Take the entries below and print, exactly, the stretch from the line containing "(\sum_(d : digit k b) P d * sin" through the line containing "nat)%:R / (b ^ j.+1)%:R).", both included.

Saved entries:
++++++++++
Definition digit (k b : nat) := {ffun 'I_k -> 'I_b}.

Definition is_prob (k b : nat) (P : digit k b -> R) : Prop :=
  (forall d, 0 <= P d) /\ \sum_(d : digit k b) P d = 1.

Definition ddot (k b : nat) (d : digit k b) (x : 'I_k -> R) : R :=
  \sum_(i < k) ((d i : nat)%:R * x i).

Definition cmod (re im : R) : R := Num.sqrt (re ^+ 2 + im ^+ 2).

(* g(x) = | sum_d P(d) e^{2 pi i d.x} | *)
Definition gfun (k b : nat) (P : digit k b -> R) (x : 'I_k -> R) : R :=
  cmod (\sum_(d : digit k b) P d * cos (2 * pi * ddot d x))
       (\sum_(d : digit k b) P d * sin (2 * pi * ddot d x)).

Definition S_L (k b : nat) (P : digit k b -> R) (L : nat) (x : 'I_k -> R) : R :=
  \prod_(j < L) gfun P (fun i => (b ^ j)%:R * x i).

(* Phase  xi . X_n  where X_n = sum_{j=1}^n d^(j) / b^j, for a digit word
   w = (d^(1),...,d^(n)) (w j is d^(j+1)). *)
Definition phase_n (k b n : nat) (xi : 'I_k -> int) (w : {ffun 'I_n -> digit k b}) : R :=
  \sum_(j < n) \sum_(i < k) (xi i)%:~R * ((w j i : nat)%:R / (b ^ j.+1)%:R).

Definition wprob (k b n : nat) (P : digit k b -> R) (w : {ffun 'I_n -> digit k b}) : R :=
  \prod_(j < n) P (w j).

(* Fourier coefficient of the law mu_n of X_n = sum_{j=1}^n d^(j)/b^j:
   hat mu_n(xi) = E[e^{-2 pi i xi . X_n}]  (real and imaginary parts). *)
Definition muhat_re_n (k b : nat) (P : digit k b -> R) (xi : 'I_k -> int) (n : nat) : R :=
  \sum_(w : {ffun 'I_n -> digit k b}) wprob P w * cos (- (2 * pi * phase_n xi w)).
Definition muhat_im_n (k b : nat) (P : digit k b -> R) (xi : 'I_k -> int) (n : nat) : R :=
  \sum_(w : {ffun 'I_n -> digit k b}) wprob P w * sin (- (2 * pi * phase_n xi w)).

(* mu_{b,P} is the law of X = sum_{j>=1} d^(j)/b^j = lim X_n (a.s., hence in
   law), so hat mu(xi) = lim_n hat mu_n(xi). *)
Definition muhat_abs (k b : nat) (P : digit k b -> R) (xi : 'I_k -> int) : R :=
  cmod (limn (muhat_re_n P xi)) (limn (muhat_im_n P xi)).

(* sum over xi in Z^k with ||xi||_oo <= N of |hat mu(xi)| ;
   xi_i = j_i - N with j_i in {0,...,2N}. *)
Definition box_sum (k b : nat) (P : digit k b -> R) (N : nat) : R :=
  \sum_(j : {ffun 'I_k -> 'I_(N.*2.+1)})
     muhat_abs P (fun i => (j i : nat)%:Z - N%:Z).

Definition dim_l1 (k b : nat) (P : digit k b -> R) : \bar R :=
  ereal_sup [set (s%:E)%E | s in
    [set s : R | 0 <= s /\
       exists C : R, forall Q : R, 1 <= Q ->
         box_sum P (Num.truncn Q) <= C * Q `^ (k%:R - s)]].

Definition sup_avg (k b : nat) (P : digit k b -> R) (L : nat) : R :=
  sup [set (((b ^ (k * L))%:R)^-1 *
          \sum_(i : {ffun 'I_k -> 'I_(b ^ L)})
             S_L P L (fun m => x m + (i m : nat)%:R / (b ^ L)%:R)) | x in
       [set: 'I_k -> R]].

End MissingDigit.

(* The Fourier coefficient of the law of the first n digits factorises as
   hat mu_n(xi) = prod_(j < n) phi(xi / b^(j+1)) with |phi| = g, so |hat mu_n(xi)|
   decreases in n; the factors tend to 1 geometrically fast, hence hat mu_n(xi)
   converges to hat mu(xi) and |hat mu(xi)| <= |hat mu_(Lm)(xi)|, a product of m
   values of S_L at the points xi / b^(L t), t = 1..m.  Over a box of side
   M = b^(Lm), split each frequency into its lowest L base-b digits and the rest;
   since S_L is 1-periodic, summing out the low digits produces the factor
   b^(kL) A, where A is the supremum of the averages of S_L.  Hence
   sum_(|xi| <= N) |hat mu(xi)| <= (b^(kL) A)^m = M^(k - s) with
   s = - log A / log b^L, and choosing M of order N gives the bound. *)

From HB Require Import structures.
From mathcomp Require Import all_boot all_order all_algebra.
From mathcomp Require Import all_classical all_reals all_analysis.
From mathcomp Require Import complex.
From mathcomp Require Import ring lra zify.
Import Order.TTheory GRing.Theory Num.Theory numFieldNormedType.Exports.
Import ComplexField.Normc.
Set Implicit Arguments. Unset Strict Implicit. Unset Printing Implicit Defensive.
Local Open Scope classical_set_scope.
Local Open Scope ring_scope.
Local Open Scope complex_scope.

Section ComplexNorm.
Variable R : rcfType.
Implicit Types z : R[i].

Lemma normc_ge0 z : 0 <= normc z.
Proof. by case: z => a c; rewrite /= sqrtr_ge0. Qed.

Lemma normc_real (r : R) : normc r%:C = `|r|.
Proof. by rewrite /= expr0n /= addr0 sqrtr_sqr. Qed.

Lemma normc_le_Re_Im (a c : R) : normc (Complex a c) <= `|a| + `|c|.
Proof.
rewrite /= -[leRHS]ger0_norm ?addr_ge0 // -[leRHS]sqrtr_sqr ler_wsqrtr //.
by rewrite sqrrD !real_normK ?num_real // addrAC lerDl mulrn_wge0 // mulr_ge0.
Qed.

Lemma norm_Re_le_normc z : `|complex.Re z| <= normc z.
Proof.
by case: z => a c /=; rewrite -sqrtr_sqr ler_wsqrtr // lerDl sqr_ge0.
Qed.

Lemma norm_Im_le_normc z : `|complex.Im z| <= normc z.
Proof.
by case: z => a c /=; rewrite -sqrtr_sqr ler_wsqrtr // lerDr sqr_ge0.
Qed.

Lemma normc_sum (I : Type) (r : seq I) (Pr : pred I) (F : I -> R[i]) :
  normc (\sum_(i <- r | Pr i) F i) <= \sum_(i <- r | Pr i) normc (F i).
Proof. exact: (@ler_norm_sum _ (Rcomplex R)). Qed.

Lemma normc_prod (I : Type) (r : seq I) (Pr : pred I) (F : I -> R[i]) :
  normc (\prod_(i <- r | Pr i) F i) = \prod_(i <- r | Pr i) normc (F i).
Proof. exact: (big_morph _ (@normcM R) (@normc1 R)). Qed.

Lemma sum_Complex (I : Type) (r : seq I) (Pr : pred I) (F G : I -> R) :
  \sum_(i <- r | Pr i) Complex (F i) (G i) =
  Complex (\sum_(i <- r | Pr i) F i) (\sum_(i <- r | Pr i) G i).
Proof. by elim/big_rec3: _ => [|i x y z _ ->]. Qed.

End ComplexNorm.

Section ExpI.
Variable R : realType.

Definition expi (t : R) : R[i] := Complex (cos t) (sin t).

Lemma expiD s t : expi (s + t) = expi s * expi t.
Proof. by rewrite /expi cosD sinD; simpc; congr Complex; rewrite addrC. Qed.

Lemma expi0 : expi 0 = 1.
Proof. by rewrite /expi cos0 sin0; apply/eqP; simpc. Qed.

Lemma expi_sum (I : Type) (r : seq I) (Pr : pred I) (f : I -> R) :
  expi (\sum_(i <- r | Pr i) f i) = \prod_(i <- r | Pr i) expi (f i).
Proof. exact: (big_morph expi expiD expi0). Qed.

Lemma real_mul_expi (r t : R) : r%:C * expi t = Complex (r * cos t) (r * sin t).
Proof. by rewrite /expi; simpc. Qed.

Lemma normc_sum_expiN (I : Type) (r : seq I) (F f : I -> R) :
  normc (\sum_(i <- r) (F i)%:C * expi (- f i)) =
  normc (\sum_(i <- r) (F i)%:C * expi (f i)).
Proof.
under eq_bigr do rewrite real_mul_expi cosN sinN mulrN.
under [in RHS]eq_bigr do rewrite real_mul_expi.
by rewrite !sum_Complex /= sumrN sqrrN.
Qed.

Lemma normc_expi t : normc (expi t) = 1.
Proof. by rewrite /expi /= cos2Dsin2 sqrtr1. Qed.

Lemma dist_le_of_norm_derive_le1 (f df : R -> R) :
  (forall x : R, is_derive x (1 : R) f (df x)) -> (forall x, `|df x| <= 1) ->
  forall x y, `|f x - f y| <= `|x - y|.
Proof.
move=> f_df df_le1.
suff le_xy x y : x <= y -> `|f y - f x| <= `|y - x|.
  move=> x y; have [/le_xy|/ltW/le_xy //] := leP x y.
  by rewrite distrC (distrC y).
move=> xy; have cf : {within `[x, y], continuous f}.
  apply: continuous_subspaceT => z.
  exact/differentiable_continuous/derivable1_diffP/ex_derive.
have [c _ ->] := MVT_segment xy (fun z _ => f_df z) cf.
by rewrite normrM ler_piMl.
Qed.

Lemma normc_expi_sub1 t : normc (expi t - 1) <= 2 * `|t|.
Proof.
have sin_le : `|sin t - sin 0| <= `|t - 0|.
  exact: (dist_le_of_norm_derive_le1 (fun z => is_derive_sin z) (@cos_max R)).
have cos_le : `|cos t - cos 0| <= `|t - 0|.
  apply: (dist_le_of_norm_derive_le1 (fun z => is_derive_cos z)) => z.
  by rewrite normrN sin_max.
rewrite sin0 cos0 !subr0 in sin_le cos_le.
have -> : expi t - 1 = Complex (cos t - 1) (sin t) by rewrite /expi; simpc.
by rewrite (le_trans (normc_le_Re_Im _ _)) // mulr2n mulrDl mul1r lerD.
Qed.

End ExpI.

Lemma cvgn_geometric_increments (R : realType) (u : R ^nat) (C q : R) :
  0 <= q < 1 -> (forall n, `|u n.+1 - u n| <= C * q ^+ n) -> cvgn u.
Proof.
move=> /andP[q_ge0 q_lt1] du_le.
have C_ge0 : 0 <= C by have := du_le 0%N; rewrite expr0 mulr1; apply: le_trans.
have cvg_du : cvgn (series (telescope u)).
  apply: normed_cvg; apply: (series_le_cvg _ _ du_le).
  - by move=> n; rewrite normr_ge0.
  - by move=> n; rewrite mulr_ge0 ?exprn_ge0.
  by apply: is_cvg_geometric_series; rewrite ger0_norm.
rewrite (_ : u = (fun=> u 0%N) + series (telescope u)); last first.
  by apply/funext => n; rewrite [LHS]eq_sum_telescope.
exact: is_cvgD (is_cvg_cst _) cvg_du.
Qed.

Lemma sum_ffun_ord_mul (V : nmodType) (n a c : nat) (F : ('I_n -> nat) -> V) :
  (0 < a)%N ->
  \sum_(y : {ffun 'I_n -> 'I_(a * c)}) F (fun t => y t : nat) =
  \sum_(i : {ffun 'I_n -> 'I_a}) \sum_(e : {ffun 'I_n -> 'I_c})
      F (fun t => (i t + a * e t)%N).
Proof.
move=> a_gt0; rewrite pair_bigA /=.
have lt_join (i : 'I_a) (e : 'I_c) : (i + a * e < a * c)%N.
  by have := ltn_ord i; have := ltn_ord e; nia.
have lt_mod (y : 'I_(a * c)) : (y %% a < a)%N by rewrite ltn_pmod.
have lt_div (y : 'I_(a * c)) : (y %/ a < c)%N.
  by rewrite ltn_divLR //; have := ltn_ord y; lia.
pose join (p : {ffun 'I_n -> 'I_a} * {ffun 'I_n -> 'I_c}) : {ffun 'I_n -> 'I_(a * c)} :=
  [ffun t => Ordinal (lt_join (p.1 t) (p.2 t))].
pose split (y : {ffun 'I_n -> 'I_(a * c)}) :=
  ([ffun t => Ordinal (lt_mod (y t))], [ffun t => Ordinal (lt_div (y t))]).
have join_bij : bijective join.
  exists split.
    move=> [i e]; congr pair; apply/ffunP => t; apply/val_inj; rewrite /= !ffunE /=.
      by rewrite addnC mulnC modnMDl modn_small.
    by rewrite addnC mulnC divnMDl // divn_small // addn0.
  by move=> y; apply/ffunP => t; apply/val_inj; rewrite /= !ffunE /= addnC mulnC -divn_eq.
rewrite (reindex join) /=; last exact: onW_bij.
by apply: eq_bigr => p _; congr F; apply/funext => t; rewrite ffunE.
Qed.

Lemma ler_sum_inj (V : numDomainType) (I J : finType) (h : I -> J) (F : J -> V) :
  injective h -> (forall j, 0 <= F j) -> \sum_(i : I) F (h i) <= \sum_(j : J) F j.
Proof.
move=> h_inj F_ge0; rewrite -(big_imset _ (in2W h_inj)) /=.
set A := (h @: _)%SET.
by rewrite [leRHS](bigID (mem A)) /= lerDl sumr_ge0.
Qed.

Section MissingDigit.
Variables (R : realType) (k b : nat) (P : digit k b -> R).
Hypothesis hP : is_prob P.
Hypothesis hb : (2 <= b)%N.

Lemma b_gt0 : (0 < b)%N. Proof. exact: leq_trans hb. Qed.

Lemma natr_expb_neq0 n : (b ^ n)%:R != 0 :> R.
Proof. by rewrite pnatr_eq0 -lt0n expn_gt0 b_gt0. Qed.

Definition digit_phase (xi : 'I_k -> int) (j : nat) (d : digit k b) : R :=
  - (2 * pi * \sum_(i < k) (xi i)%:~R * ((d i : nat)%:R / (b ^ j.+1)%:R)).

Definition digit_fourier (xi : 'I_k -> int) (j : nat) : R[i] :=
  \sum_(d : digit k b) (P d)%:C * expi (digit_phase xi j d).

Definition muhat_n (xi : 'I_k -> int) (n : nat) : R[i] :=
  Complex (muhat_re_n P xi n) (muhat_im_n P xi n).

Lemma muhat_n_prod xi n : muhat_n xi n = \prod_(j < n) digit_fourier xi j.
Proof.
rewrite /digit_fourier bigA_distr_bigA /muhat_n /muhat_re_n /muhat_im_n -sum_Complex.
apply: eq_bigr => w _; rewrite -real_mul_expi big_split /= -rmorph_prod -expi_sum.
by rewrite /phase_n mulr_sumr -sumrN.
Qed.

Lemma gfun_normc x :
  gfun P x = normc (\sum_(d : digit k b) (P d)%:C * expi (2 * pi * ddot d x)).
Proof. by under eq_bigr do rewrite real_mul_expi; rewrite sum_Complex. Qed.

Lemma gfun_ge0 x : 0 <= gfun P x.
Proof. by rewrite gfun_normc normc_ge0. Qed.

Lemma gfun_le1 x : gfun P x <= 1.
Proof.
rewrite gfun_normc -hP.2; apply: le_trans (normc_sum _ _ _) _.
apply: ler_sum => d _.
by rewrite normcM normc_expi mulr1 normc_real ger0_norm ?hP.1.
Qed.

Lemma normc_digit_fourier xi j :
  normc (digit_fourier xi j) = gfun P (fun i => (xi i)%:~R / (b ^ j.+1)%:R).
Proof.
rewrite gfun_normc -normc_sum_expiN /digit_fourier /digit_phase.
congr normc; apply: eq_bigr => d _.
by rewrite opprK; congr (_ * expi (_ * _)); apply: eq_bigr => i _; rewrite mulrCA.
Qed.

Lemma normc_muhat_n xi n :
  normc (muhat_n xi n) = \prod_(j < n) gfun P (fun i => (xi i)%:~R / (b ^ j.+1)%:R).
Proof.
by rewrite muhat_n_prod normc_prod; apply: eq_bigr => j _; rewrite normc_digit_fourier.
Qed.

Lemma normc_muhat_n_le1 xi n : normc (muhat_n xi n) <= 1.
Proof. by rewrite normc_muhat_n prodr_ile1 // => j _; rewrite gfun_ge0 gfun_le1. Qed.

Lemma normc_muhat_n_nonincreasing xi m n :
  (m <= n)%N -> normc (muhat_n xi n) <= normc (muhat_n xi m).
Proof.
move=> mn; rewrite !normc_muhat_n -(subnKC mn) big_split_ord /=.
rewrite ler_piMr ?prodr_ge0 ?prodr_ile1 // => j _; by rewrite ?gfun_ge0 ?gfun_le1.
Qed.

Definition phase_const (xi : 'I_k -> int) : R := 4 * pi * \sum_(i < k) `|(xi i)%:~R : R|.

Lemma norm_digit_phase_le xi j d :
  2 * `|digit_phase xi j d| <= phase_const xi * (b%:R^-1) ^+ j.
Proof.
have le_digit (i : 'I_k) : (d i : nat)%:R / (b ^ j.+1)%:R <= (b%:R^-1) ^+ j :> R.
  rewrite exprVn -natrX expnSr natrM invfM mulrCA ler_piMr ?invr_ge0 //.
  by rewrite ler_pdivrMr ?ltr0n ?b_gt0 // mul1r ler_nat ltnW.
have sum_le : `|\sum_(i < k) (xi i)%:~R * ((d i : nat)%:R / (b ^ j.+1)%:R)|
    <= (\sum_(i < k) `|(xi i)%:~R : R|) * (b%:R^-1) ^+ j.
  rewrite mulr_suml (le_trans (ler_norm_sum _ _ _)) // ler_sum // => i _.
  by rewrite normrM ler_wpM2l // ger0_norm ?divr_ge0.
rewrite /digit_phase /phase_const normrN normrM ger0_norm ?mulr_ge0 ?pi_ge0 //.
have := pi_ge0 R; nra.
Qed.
++++++++++
▸ **Task result**:
       (\sum_(d : digit k b) P d * sin (2 * pi * ddot d x)).

Definition S_L (k b : nat) (P : digit k b -> R) (L : nat) (x : 'I_k -> R) : R :=
  \prod_(j < L) gfun P (fun i => (b ^ j)%:R * x i).

(* Phase  xi . X_n  where X_n = sum_{j=1}^n d^(j) / b^j, for a digit word
   w = (d^(1),...,d^(n)) (w j is d^(j+1)). *)
Definition phase_n (k b n : nat) (xi : 'I_k -> int) (w : {ffun 'I_n -> digit k b}) : R :=
  \sum_(j < n) \sum_(i < k) (xi i)%:~R * ((w j i : nat)%:R / (b ^ j.+1)%:R).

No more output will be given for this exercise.